InfluxDB - Setup to Compress Data older than 6 Months / 2 Years

erkr · May 2, 2023, 6:45pm

Thanks for looking deeper into it. Glad you can confirm my issue. I didn’t have time myself to further investigate. Will report if I get any further

dingausmwald · May 9, 2023, 5:39pm

Oh dear, all that hassle. I am the guy from the initial post, and i can confirm that it works. In my thread i see you try alot of additional stuff like you start your cont. queries with “2y_5m-inf_15min” CREATE CONTINUOUS QUERY and so on. You name your query databases “2y_5m-inf_15min”, but later your refer to them as “FROM homeassistant.“2y_5m”./.*/ WHERE time < now()”

give it another try and take a look at the logs/error messages the influxdb query gives back.

At the end it should look like this

dMopp · August 7, 2023, 11:02pm

Why not using

CREATE CONTINUOUS QUERY "y2_5m" ON "homeassistant" BEGIN SELECT mean(value) AS value,mean(crit) AS crit,mean(warn) AS warn INTO "homeassistant"."y2_5m".:MEASUREMENT FROM "homeassistant"."autogen"./.*/ WHERE time < now() -26w and time > now() -26w6h GROUP BY time(5m),* END
CREATE CONTINUOUS QUERY "inf_15m" ON "homeassistant" BEGIN SELECT mean(value) AS value,mean(crit) AS crit,mean(warn) AS warn INTO "homeassistant"."inf_15m".:MEASUREMENT FROM "homeassistant"."autogen"./.*/ WHERE time < now() -104w GROUP BY time(15m),* END

? no crontab required anymore afaik

madface · August 8, 2023, 4:51pm

@dingausmwald
I do not work with influxdb anymore (using victoriametrics), so i cannot double check this anymore. I updated my first post for the others to use your method (and only to use the cronjob way if they fail like me), i know it is the cleanest way and my originally intention was to use a cq.

@dMopp
Give it a try, if this works for you there is no better choice. But unfortunately this didn’t work for me, so i made this workaround.
I gave up as i read the time clause is ignored in the continous query (InfluxQL Continuous Queries | InfluxDB OSS 1.8 Documentation)

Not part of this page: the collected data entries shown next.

Lemma ln2_mutinfoY :
  ln 2 * mutinfo (PXY QS W PX) = \sum_x \sum_y PX x * WY x y * infoY x y.
Proof.
have l2 : ln (2 : R) != 0 by rewrite gt_eqF // ln_gt0 // ltr1n.
rewrite /mutinfo mulr_sumr; apply: eq_bigr => x _; rewrite mulr_sumr.
apply: eq_bigr => y _; rewrite /infoY !PXY_E.
case: eqP => [_|/eqP h]; first by rewrite !mulr0.
have [px0 _] := mulr_neq0_gt0 (PX_ge0 x) (WY_ge0 x y) h.
have -> : \sum_b PXY QS W PX x b = PX x.
  by under eq_bigr do rewrite PXY_E; rewrite -mulr_sumr sum_WY mulr1.
have -> : \sum_a PXY QS W PX a y = PY y by apply: eq_bigr => a _; rewrite PXY_E.
rewrite -mulf_div divff ?gt_eqF // mul1r /log2.
by rewrite mulrCA [ln 2 * _]mulrCA mulfV // mulr1.
Qed.

Lemma ln2_mutinfoZ :
  ln 2 * mutinfo (PXZ QS W PX) = \sum_x \sum_z PX x * WZ x z * infoZ x z.
Proof.
have l2 : ln (2 : R) != 0 by rewrite gt_eqF // ln_gt0 // ltr1n.
rewrite /mutinfo mulr_sumr; apply: eq_bigr => x _; rewrite mulr_sumr.
apply: eq_bigr => z _; rewrite /infoZ !PXZ_E.
case: eqP => [_|/eqP h]; first by rewrite !mulr0.
have [px0 _] := mulr_neq0_gt0 (PX_ge0 x) (WZ_ge0 x z) h.
have -> : \sum_a PXZ QS W PX a z = Q0 QS W x0 z by rewrite -hPZ.
have -> : \sum_b PXZ QS W PX x b = PX x.
  by under eq_bigr do rewrite PXZ_E; rewrite -mulr_sumr sum_WZ mulr1.
rewrite -mulf_div divff ?gt_eqF // mul1r /log2.
by rewrite mulrCA [ln 2 * _]mulrCA mulfV // mulr1.
Qed.

Lemma mutinfoZ_ge0 : 0 <= mutinfo (PXZ QS W PX).
Proof.
have l2 : 0 < ln (2 : R) by rewrite ln_gt0 // ltr1n.
rewrite -(pmulr_rge0 _ l2) ln2_mutinfoZ pair_bigA /=.
pose p (u : X * Z) := PX u.1 * WZ u.1 u.2.
pose q (u : X * Z) := PX u.1 * Q0 QS W x0 u.2.
have -> : \sum_u PX u.1 * WZ u.1 u.2 * infoZ u.1 u.2 =
          \sum_u (if p u == 0 then 0 else p u * ln (p u / q u)).
  apply: eq_bigr => -[x z] _; rewrite /p /q /infoZ /=.
  case: eqP => [_|/eqP h]; first by rewrite mulr0.
  have [px0 _] := mulr_neq0_gt0 (PX_ge0 x) (WZ_ge0 x z) h.
  by rewrite -mulf_div divff ?gt_eqF // mul1r.
apply: relative_entropy_ge0.
- by move=> u; rewrite mulr_ge0 ?WZ_ge0.
- by rewrite /p -(pair_bigA _ (fun x z => PX x * WZ x z)) sum_PX_WZ.
- by move=> u; apply: mulr_ge0 (PX_ge0 _) (ltW (hQ0 _)).
- rewrite /q -(pair_bigA _ (fun x z => PX x * Q0 QS W x0 z)).
  by under eq_bigr do rewrite -mulr_sumr sum_Q0 mulr1; case: hPX => _ ->.
- move=> -[x z] h; have [px0 _] := mulr_neq0_gt0 (PX_ge0 x) (WZ_ge0 x z) h.
  exact: mulr_gt0.
Qed.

juskalalie · September 1, 2023, 9:33am

Hey @madface,
I tried these CQ and can confirm that the WHERE is not taken into account. I took a look at VictoriaMetrics but it seems that the downsampling function is not available (only in the Enterprise version), so I am curious to know what benefits do you get from VictoriaMetrics instead of InfluxDB?
I really think downsampling is a must for long storage, not only regarding DB size, but also for “cleaning up” the data after a while…
Thanks!

madface · September 2, 2023, 12:49pm

I have read a lot about VM before i switched, and it should have a smaller footprint in ressources, is faster and i am always willing to try something new, that was my intention to switch.
I agree with the downsampling, my hope is that the team behind VM considers somewhere in the future that this feature should be also in the community edition or there is a way to do this manually from time to time.
But the database footprint of VM is really small. At now i have 337 time series that are stored (i have a include only strategy for long term and store only what i think it could be usefull) and my db grows ca. 3MB a month:

So in 10 years it would be about 400MB, nothing i would worry about and who knows what will be the next hot thing to use then

(FyI, i switched about the beginning of 2023 and the import of influxdb was about ~20MB)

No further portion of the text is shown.